─── Data for this exercise

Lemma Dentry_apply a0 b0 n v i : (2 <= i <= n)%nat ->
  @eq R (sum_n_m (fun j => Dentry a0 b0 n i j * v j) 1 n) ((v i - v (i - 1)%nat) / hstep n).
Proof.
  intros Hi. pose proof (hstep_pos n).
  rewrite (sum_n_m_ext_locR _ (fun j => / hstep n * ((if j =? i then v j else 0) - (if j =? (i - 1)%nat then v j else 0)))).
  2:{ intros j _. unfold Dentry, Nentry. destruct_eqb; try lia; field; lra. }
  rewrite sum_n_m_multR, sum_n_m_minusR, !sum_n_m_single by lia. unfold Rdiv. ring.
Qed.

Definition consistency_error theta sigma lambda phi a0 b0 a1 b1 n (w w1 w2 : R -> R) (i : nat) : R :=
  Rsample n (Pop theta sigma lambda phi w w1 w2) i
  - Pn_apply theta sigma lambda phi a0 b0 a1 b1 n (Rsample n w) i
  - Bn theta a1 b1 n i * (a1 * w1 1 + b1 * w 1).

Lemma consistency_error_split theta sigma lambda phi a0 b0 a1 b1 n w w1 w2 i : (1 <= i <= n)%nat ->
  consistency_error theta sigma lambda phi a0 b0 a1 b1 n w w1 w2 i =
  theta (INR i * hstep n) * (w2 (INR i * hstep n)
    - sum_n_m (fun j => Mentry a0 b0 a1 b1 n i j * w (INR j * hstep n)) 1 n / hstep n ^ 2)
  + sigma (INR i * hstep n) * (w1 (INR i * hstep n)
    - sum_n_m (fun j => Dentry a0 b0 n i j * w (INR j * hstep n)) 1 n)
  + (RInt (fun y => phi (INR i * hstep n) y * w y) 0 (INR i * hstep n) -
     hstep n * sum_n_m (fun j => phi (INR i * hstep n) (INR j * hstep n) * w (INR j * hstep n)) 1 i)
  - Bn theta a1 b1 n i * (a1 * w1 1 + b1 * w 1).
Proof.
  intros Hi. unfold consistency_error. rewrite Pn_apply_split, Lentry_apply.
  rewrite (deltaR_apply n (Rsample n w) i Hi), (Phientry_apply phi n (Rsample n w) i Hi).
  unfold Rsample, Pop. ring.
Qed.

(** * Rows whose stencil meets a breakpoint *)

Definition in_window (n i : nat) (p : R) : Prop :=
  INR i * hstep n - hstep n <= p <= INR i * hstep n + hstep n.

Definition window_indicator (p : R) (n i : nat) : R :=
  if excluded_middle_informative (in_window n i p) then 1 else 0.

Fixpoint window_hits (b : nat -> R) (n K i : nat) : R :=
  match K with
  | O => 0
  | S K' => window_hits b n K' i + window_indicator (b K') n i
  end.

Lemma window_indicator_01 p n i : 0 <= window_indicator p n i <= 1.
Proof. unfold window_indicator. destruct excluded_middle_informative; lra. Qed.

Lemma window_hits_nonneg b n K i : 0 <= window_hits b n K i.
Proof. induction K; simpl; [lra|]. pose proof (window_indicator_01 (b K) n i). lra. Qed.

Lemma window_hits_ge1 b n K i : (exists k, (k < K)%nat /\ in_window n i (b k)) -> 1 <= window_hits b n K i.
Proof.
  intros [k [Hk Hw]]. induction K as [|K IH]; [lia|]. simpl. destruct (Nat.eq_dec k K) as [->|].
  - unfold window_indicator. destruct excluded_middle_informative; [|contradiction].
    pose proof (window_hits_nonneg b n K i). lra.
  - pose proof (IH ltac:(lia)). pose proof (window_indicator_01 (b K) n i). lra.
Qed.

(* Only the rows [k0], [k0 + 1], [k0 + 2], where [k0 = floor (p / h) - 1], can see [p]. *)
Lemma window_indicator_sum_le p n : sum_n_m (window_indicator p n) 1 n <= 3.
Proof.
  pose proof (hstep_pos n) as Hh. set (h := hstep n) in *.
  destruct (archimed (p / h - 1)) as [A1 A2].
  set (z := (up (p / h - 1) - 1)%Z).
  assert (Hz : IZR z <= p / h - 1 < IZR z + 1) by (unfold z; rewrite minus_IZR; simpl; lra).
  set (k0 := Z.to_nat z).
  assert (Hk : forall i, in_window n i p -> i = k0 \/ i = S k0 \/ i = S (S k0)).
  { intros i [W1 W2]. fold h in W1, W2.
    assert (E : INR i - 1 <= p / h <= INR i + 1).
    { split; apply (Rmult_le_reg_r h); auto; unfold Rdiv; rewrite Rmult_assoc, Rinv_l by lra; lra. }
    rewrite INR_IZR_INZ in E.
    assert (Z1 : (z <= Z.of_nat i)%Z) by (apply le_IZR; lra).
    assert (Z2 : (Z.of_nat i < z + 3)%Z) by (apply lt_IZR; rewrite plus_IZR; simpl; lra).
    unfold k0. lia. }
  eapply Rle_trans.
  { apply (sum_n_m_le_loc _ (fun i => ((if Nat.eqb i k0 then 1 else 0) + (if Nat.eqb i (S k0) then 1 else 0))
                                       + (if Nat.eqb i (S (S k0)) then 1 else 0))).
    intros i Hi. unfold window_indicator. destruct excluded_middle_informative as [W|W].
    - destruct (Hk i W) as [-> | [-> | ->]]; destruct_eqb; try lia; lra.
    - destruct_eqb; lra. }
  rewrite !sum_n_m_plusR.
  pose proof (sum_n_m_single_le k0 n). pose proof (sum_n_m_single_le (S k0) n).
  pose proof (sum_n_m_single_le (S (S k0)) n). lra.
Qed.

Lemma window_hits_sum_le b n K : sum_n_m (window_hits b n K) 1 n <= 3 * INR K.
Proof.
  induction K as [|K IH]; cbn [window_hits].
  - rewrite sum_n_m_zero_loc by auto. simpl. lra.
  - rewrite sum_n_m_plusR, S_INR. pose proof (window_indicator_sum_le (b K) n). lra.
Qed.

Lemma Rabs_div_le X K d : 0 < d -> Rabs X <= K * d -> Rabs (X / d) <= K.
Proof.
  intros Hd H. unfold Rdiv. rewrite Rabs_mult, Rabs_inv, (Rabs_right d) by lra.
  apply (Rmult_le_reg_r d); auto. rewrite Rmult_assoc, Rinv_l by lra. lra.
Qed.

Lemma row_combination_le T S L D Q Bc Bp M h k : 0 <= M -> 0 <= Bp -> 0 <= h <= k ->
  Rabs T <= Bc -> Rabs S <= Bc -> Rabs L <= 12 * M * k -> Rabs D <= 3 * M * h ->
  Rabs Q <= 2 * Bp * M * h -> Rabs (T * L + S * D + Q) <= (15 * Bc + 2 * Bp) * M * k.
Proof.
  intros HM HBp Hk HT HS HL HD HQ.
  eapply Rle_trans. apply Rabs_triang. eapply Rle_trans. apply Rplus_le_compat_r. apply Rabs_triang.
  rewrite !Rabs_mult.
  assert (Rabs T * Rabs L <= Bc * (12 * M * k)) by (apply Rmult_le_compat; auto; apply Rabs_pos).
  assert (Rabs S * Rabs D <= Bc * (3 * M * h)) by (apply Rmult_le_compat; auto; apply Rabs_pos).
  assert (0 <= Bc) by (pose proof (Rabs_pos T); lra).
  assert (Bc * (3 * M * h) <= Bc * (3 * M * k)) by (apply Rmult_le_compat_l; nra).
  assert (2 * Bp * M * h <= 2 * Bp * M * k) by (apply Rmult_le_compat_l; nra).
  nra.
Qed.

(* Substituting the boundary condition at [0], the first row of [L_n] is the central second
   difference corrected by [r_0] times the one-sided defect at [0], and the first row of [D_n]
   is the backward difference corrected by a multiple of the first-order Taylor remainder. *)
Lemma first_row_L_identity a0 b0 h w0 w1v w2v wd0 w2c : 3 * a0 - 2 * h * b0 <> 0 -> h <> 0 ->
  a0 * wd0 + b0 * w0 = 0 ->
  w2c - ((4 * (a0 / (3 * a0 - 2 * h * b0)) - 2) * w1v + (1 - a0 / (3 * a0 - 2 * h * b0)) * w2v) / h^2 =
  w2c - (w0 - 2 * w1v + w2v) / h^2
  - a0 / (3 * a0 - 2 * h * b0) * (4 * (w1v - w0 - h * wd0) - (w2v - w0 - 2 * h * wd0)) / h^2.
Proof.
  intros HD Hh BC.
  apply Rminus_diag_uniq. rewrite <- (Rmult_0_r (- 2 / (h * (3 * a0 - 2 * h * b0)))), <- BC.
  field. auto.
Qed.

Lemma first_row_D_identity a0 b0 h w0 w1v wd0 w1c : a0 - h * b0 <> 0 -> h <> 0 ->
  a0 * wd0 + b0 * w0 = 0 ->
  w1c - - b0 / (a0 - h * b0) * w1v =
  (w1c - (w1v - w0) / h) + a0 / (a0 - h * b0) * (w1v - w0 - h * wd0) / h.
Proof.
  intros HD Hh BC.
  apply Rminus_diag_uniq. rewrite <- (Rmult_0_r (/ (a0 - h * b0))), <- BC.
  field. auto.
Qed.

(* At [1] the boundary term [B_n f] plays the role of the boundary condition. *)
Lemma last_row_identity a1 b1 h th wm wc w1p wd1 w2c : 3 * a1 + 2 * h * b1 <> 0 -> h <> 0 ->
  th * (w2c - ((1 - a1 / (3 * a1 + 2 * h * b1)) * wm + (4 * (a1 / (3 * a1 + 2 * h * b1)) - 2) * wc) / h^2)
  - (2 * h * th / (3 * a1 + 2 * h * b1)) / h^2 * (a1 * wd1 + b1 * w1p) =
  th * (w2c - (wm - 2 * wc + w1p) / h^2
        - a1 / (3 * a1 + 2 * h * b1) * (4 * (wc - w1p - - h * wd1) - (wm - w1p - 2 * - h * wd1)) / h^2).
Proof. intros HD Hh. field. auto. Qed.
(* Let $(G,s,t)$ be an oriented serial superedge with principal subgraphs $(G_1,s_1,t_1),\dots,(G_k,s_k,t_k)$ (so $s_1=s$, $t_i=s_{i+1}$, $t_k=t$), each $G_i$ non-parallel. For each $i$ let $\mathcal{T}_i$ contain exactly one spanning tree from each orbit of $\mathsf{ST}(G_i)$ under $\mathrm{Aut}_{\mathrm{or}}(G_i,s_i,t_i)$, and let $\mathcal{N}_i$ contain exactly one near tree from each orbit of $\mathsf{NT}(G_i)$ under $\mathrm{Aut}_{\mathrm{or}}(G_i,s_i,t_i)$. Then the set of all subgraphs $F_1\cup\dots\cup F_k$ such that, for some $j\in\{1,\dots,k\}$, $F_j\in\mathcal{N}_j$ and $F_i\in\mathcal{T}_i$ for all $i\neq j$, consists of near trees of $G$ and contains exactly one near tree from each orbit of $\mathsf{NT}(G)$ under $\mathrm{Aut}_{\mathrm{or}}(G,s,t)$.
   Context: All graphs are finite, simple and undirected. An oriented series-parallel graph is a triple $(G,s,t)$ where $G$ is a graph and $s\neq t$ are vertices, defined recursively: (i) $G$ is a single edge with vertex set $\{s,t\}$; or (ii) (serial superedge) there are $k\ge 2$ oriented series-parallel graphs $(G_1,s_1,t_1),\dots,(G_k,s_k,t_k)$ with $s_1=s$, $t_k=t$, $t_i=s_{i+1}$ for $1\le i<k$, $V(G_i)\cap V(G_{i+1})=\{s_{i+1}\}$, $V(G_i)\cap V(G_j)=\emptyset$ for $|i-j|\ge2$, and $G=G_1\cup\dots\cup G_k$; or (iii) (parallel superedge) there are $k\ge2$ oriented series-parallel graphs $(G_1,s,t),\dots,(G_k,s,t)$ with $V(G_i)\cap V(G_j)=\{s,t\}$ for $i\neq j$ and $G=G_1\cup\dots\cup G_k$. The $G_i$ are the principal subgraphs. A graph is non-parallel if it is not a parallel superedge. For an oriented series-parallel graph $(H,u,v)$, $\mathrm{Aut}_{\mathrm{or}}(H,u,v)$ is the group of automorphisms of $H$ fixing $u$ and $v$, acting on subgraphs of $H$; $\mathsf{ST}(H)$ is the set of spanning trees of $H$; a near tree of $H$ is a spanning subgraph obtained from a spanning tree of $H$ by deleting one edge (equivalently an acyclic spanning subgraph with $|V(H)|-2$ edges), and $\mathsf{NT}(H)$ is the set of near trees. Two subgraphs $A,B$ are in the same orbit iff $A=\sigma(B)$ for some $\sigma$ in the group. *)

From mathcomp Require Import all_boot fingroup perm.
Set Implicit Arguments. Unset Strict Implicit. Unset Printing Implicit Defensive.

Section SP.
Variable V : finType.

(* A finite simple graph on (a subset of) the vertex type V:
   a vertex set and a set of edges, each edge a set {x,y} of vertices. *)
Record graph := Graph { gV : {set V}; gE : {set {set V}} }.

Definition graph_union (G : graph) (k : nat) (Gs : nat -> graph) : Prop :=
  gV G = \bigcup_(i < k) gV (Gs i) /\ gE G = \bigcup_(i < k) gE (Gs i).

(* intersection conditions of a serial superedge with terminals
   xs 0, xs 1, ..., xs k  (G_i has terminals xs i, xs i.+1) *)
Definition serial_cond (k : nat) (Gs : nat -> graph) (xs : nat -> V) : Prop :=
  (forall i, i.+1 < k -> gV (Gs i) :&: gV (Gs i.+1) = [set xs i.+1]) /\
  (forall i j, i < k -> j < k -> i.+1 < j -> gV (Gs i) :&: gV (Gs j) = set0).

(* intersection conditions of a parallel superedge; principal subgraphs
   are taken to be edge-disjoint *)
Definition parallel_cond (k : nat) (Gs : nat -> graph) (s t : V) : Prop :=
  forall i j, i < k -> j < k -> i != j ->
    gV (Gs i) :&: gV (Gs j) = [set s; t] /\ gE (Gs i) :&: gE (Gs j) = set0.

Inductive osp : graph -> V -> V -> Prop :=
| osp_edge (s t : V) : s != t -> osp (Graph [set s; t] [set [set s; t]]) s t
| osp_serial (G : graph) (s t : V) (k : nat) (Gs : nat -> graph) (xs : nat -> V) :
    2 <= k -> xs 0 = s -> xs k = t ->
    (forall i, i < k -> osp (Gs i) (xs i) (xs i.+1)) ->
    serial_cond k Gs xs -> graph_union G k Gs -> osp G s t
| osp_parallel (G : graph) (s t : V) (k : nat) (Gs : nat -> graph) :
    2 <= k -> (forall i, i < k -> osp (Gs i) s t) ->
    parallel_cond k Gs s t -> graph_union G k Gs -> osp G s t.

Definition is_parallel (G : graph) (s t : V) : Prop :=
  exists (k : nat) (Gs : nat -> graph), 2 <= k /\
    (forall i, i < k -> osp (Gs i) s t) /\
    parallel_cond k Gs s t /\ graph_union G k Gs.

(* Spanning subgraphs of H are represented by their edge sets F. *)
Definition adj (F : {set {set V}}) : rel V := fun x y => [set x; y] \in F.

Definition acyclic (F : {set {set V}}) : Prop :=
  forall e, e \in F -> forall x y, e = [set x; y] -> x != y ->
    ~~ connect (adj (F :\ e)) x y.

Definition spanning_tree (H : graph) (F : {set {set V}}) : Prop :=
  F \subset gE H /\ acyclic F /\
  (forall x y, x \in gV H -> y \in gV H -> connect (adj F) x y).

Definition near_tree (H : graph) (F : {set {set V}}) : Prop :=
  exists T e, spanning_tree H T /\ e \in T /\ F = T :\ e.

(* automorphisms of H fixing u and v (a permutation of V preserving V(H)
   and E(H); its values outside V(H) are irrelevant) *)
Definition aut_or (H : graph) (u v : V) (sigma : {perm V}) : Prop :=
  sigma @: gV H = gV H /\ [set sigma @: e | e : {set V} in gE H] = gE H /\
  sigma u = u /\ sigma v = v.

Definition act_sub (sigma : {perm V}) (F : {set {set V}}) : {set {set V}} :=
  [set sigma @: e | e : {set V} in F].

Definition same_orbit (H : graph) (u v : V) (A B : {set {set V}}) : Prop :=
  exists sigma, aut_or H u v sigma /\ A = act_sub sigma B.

──────

**What you will do:** Each line above that contains the word "Rdiv" should be returned.

**Answer section:**
  rewrite sum_n_m_multR, sum_n_m_minusR, !sum_n_m_single by lia. unfold Rdiv. ring.
    { split; apply (Rmult_le_reg_r h); auto; unfold Rdiv; rewrite Rmult_assoc, Rinv_l by lra; lra. }
  intros Hd H. unfold Rdiv. rewrite Rabs_mult, Rabs_inv, (Rabs_right d) by lra.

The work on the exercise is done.